(Provided material Opens)

Lemma forward_diff_error u t tau M : 0 < tau -> ex_derive_upto u 2 ->
  (forall z, t <= z <= t + tau -> Rabs (Derive_n u 2 z) <= M) ->
  Rabs ((u (t + tau) - u t) / tau - Derive u t) <= tau / 2 * M.
Proof.
  intros Htau Hu HM.
  assert (E := taylor_order1 u t (t + tau) M ltac:(lra) Hu
                 ltac:(intros z Hz; apply HM; revert Hz; solve_minmax)).
  replace (t + tau - t) with tau in E by ring. rewrite (Rabs_pos_eq tau) in E by lra.
  replace ((u (t + tau) - u t) / tau - Derive u t)
    with ((u (t + tau) - u t - tau * Derive u t) / tau) by (field; lra).
  apply Rabs_div_le; [lra|]. eapply Rle_trans; [exact E | right; field].
Qed.

(* Taylor expansion of the flux difference about [x]: [w_k], [v_k] stand for the
   derivatives at [x], [wp], [wm], [vp], [vm] for the values at [x + h], [x - h]. *)
Lemma flux_diff_expansion w0 w1 w2 wp wm v0 v1 v2 v3 vp vm h : h <> 0 ->
  ((w0 + wp) / 2 * ((vp - v0) / h) - (wm + w0) / 2 * ((v0 - vm) / h)) / h - (w1 * v1 + w0 * v2)
  = h ^ 2 * (w2 * v2 / 4 + w1 * v3 / 6)
    + ((wp - w0 - h * w1 - h ^ 2 / 2 * w2) * (v1 + h / 2 * v2 + h ^ 2 / 6 * v3)
       - (wm - w0 - - h * w1 - (- h) ^ 2 / 2 * w2) * (v1 - h / 2 * v2 + h ^ 2 / 6 * v3)) / (2 * h)
    + ((w0 + wp) / 2 * (vp - v0 - h * v1 - h ^ 2 / 2 * v2 - h ^ 3 / 6 * v3)
       + (wm + w0) / 2 * (vm - v0 - - h * v1 - (- h) ^ 2 / 2 * v2 - (- h) ^ 3 / 6 * v3)) / h ^ 2.
Proof. intros. field. auto. Qed.

Lemma flux_remainder_bound r1 r2 s1 s2 Wp Wm w1 w2 v1 v2 v3 h L Mw Mv :
  0 < h -> h <= L -> 0 <= Mw -> 0 <= Mv ->
  Rabs r1 <= h ^ 3 / 6 * Mw -> Rabs r2 <= h ^ 3 / 6 * Mw ->
  Rabs s1 <= h ^ 4 / 24 * Mv -> Rabs s2 <= h ^ 4 / 24 * Mv ->
  Rabs Wp <= Mw -> Rabs Wm <= Mw -> Rabs w1 <= Mw -> Rabs w2 <= Mw ->
  Rabs v1 <= Mv -> Rabs v2 <= Mv -> Rabs v3 <= Mv ->
  Rabs (h ^ 2 * (w2 * v2 / 4 + w1 * v3 / 6)
        + (r1 * (v1 + h / 2 * v2 + h ^ 2 / 6 * v3) - r2 * (v1 - h / 2 * v2 + h ^ 2 / 6 * v3)) / (2 * h)
        + (Wp * s1 + Wm * s2) / h ^ 2)
  <= h ^ 2 * (Mw * Mv * (1 + L + L ^ 2)).
Proof.
  intros Hh HL Mw0 Mv0 Hr1 Hr2 Hs1 Hs2 HWp HWm Hw1 Hw2 Hv1 Hv2 Hv3.
  set (cL := 1 + L / 2 + L ^ 2 / 6).
  assert (Hh2 : Rabs (h / 2) <= L / 2) by (rewrite Rabs_pos_eq; lra).
  assert (Hh3 : Rabs (h ^ 2 / 6) <= L ^ 2 / 6).
  { rewrite Rabs_pos_eq by (apply Rmult_le_pos; [apply pow_le|]; lra).
    apply Rmult_le_compat_r; [lra|]. apply pow_incr; lra. }
  assert (HPp := Rabs_affine3_le v1 v2 v3 (h / 2) (h ^ 2 / 6) Mv (L / 2) (L ^ 2 / 6)
                   Hv1 Hv2 Hv3 Hh2 Hh3).
  assert (HPm := Rabs_affine3_le v1 v2 v3 (- (h / 2)) (h ^ 2 / 6) Mv (L / 2) (L ^ 2 / 6)
                   Hv1 Hv2 Hv3 ltac:(now rewrite Rabs_Ropp) Hh3).
  replace (v1 + - (h / 2) * v2) with (v1 - h / 2 * v2) in HPm by ring.
  fold cL in HPp, HPm.
  assert (Hh2pos : 0 <= h ^ 2) by (apply pow_le; lra).
  apply Rle_trans with (h ^ 2 * (Mw * Mv / 4 + Mw * Mv / 6) + h ^ 2 * (Mw / 6 * (Mv * cL))
                        + h ^ 2 * (Mw * Mv / 12)).
  - apply Rabs_plus_le; [apply Rabs_plus_le|].
    + rewrite Rabs_mult, (Rabs_pos_eq (h ^ 2)) by exact Hh2pos.
      apply Rmult_le_compat_l; [exact Hh2pos|]. apply Rabs_plus_le.
      * apply Rabs_div_le; [lra|]. eapply Rle_trans; [apply (Rabs_mult_le _ _ _ _ Hw2 Hv2) | right; field].
      * apply Rabs_div_le; [lra|]. eapply Rle_trans; [apply (Rabs_mult_le _ _ _ _ Hw1 Hv3) | right; field].
    + apply Rabs_div_le; [lra|]. unfold Rminus.
      eapply Rle_trans; [apply Rabs_plus_le; [|rewrite Rabs_Ropp]; apply Rabs_mult_le|].
      * exact Hr1.
      * exact HPp.
      * exact Hr2.
      * exact HPm.
      * right. field.
    + apply Rabs_div_le; [apply pow_lt; lra|].
      eapply Rle_trans; [apply Rabs_plus_le; apply Rabs_mult_le; eassumption | right; field].
  - assert (0 <= Mw * Mv) by (apply Rmult_le_pos; lra).
    assert (0 <= L) by lra.
    assert (0 <= L ^ 2) by apply pow2_ge_0.
    replace (h ^ 2 * (Mw * Mv / 4 + Mw * Mv / 6) + h ^ 2 * (Mw / 6 * (Mv * cL)) + h ^ 2 * (Mw * Mv / 12))
      with (h ^ 2 * (Mw * Mv * (1 / 2 + cL / 6))) by field.
    apply Rmult_le_compat_l; [exact Hh2pos|]. apply Rmult_le_compat_l; [assumption|].
    unfold cL. lra.
Qed.

Lemma flux_diff_error w v x h L Mw Mv : 0 < h -> h <= L ->
  ex_derive_upto w 3 -> ex_derive_upto v 4 ->
  (forall z k, x - h <= z <= x + h -> (k <= 3)%nat -> Rabs (Derive_n w k z) <= Mw) ->
  (forall z k, x - h <= z <= x + h -> (k <= 4)%nat -> Rabs (Derive_n v k z) <= Mv) ->
  Rabs (flux_diff w v x h - Derive (fun s => w s * Derive v s) x)
  <= h ^ 2 * (Mw * Mv * (1 + L + L ^ 2)).
Proof.
  intros Hh HL Hw Hv HMw HMv.
  assert (Mw0 : 0 <= Mw) by exact (Rabs_le_nonneg _ Mw (HMw x 0%nat ltac:(lra) ltac:(lia))).
  assert (Mv0 : 0 <= Mv) by exact (Rabs_le_nonneg _ Mv (HMv x 0%nat ltac:(lra) ltac:(lia))).
  assert (Rwp := taylor_order2 w x (x + h) Mw ltac:(lra) Hw
                   ltac:(intros z Hz; apply HMw; [revert Hz; solve_minmax | lia])).
  assert (Rwm := taylor_order2 w x (x - h) Mw ltac:(lra) Hw
                   ltac:(intros z Hz; apply HMw; [revert Hz; solve_minmax | lia])).
  assert (Rvp := taylor_order3 v x (x + h) Mv ltac:(lra) Hv
                   ltac:(intros z Hz; apply HMv; [revert Hz; solve_minmax | lia])).
  assert (Rvm := taylor_order3 v x (x - h) Mv ltac:(lra) Hv
                   ltac:(intros z Hz; apply HMv; [revert Hz; solve_minmax | lia])).
  replace (x + h - x) with h in Rwp, Rvp by ring.
  replace (x - h - x) with (- h) in Rwm, Rvm by ring.
  rewrite Rabs_Ropp in Rwm, Rvm. rewrite (Rabs_pos_eq h) in Rwp, Rwm, Rvp, Rvm by lra.
  assert (Havg : forall a b, a = x \/ a = x + h \/ a = x - h -> b = x \/ b = x + h \/ b = x - h ->
            Rabs ((w a + w b) / 2) <= Mw).
  { intros a b Ha Hb. apply Rabs_div_le; [lra|].
    eapply Rle_trans; [apply Rabs_plus_le; [apply (HMw a 0%nat) | apply (HMw b 0%nat)] | right; ring];
      (lia || lra). }
  rewrite Derive_mult by (apply (Hw 1%nat) || apply (Hv 2%nat); lia).
  unfold flux_diff.
  rewrite (flux_diff_expansion _ _ (Derive_n w 2 x) _ _ _ _ _ (Derive_n v 3 x)) by lra.
  apply flux_remainder_bound; auto;
    first [ apply Havg; lra
          | apply (HMw x 1%nat); [lra | lia] | apply (HMw x 2%nat); [lra | lia]
          | apply (HMv x 1%nat); [lra | lia] | apply (HMv x 2%nat); [lra | lia]
          | apply (HMv x 3%nat); [lra | lia] ].
Qed.

Lemma is_derive_cdiff2_shift (u u' : R -> R) x h : (forall z, is_derive u z (u' z)) ->
  is_derive (fun z => cdiff2 u z h) x (cdiff2 u' x h).
Proof.
  intros Hu. unfold cdiff2. apply is_derive_Rdiv_r, is_derive_Rplus; [apply is_derive_Rminus|].
  - apply is_derive_Rshift, Hu.
  - apply is_derive_scal, Hu.
  - apply (is_derive_Rshift u x (- h)), Hu.
Qed.

Lemma is_derive_cdiff2_param (g g' : R -> R -> R) X h y :
  (forall a, is_derive (fun s => g a s) y (g' a y)) ->
  is_derive (fun s => cdiff2 (fun a => g a s) X h) y (cdiff2 (fun a => g' a y) X h).
Proof.
  intros Hg. unfold cdiff2.
  apply is_derive_Rdiv_r, is_derive_Rplus; [apply is_derive_Rminus; [|apply is_derive_scal]|]; auto.
Qed.

(** * Derivatives of products and reciprocals *)

Definition derivs_le (u : R -> R) (n : nat) (z M : R) : Prop :=
  forall k, (k <= n)%nat -> Rabs (Derive_n u k z) <= M.

Lemma derivs_le_nonneg u n z M : derivs_le u n z M -> 0 <= M.
Proof. intros H. exact (Rabs_le_nonneg _ M (H 0%nat (Nat.le_0_l n))). Qed.

Lemma derivs_le_weaken u n z M M' : M <= M' -> derivs_le u n z M -> derivs_le u n z M'.
Proof. intros HM H k Hk. specialize (H k Hk). lra. Qed.

Lemma derivs_le_le u n m z M : (m <= n)%nat -> derivs_le u n z M -> derivs_le u m z M.
Proof. intros Hmn H k Hk. apply H. lia. Qed.

Lemma derivs_le_Derive u n z M : derivs_le u (S n) z M -> derivs_le (Derive u) n z M.
Proof. intros H k Hk. rewrite Derive_n_Derive. apply H. lia. Qed.

Lemma ex_derive_upto_plus u v n : ex_derive_upto u n -> ex_derive_upto v n ->
  ex_derive_upto (fun x => u x + v x) n.
Proof.
  intros Hu Hv k z Hk.
  apply ex_derive_n_plus; apply filter_forall; intros y j Hj; [apply Hu | apply Hv]; lia.
Qed.

Lemma derivs_le_plus u v n z A B : ex_derive_upto u n -> ex_derive_upto v n ->
  derivs_le u n z A -> derivs_le v n z B -> derivs_le (fun x => u x + v x) n z (A + B).
Proof.
  intros Hu Hv HA HB k Hk. rewrite Derive_n_plus.
  - apply Rabs_plus_le; auto.
  - apply filter_forall. intros y j Hj. apply Hu. lia.
  - apply filter_forall. intros y j Hj. apply Hv. lia.
Qed.

Lemma ex_derive_upto_opp u n : ex_derive_upto u n -> ex_derive_upto (fun x => - u x) n.
Proof. intros H k z Hk. apply ex_derive_n_opp. auto. Qed.

Lemma derivs_le_opp u n z A : derivs_le u n z A -> derivs_le (fun x => - u x) n z A.
Proof. intros H k Hk. rewrite Derive_n_opp, Rabs_Ropp. auto. Qed.

Lemma Derive_n_S_is_derive f g k z : (forall x, is_derive f x (g x)) ->
  Derive_n f (S k) z = Derive_n g k z.
Proof.
  intros H. rewrite <- Derive_n_Derive. apply Derive_n_ext. intros t.
  apply is_derive_unique, H.
Qed.

Lemma ex_derive_upto_S_is_derive f g n : (forall x, is_derive f x (g x)) ->
  ex_derive_upto g n -> ex_derive_upto f (S n).
Proof.
  intros H Hg [|[|k]] z Hk; [exact I | exists (g z); apply H |].
  apply ex_derive_ext with (f := Derive_n g k).
  - intros t. symmetry. apply (Derive_n_S_is_derive f g k t H).
  - apply (Hg (S k)). lia.
Qed.

Lemma derivs_le_S_is_derive f g n z M : (forall x, is_derive f x (g x)) ->
  Rabs (f z) <= M -> derivs_le g n z M -> derivs_le f (S n) z M.
Proof.
  intros H H0 Hg [|k] Hk; [exact H0|].
  rewrite (Derive_n_S_is_derive f g k z H). apply Hg. lia.
Qed.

(Provided material Closes)

#### Goal of the exercise:
Produce only the lines from the line containing "Proof. intros Hmn H k Hk. apply H. lia. Qed." through the line containing "Lemma ex_derive_upto_S_is_derive f", inclusive of both, exactly as they stand in the entries above.

#### Response for this exercise:
Proof. intros Hmn H k Hk. apply H. lia. Qed.

Lemma derivs_le_Derive u n z M : derivs_le u (S n) z M -> derivs_le (Derive u) n z M.
Proof. intros H k Hk. rewrite Derive_n_Derive. apply H. lia. Qed.

Lemma ex_derive_upto_plus u v n : ex_derive_upto u n -> ex_derive_upto v n ->
  ex_derive_upto (fun x => u x + v x) n.
Proof.
  intros Hu Hv k z Hk.
  apply ex_derive_n_plus; apply filter_forall; intros y j Hj; [apply Hu | apply Hv]; lia.
Qed.

Lemma derivs_le_plus u v n z A B : ex_derive_upto u n -> ex_derive_upto v n ->
  derivs_le u n z A -> derivs_le v n z B -> derivs_le (fun x => u x + v x) n z (A + B).
Proof.
  intros Hu Hv HA HB k Hk. rewrite Derive_n_plus.
  - apply Rabs_plus_le; auto.
  - apply filter_forall. intros y j Hj. apply Hu. lia.
  - apply filter_forall. intros y j Hj. apply Hv. lia.
Qed.

Lemma ex_derive_upto_opp u n : ex_derive_upto u n -> ex_derive_upto (fun x => - u x) n.
Proof. intros H k z Hk. apply ex_derive_n_opp. auto. Qed.

Lemma derivs_le_opp u n z A : derivs_le u n z A -> derivs_le (fun x => - u x) n z A.
Proof. intros H k Hk. rewrite Derive_n_opp, Rabs_Ropp. auto. Qed.

Lemma Derive_n_S_is_derive f g k z : (forall x, is_derive f x (g x)) ->
  Derive_n f (S k) z = Derive_n g k z.
Proof.
  intros H. rewrite <- Derive_n_Derive. apply Derive_n_ext. intros t.
  apply is_derive_unique, H.
Qed.

Lemma ex_derive_upto_S_is_derive f g n : (forall x, is_derive f x (g x)) ->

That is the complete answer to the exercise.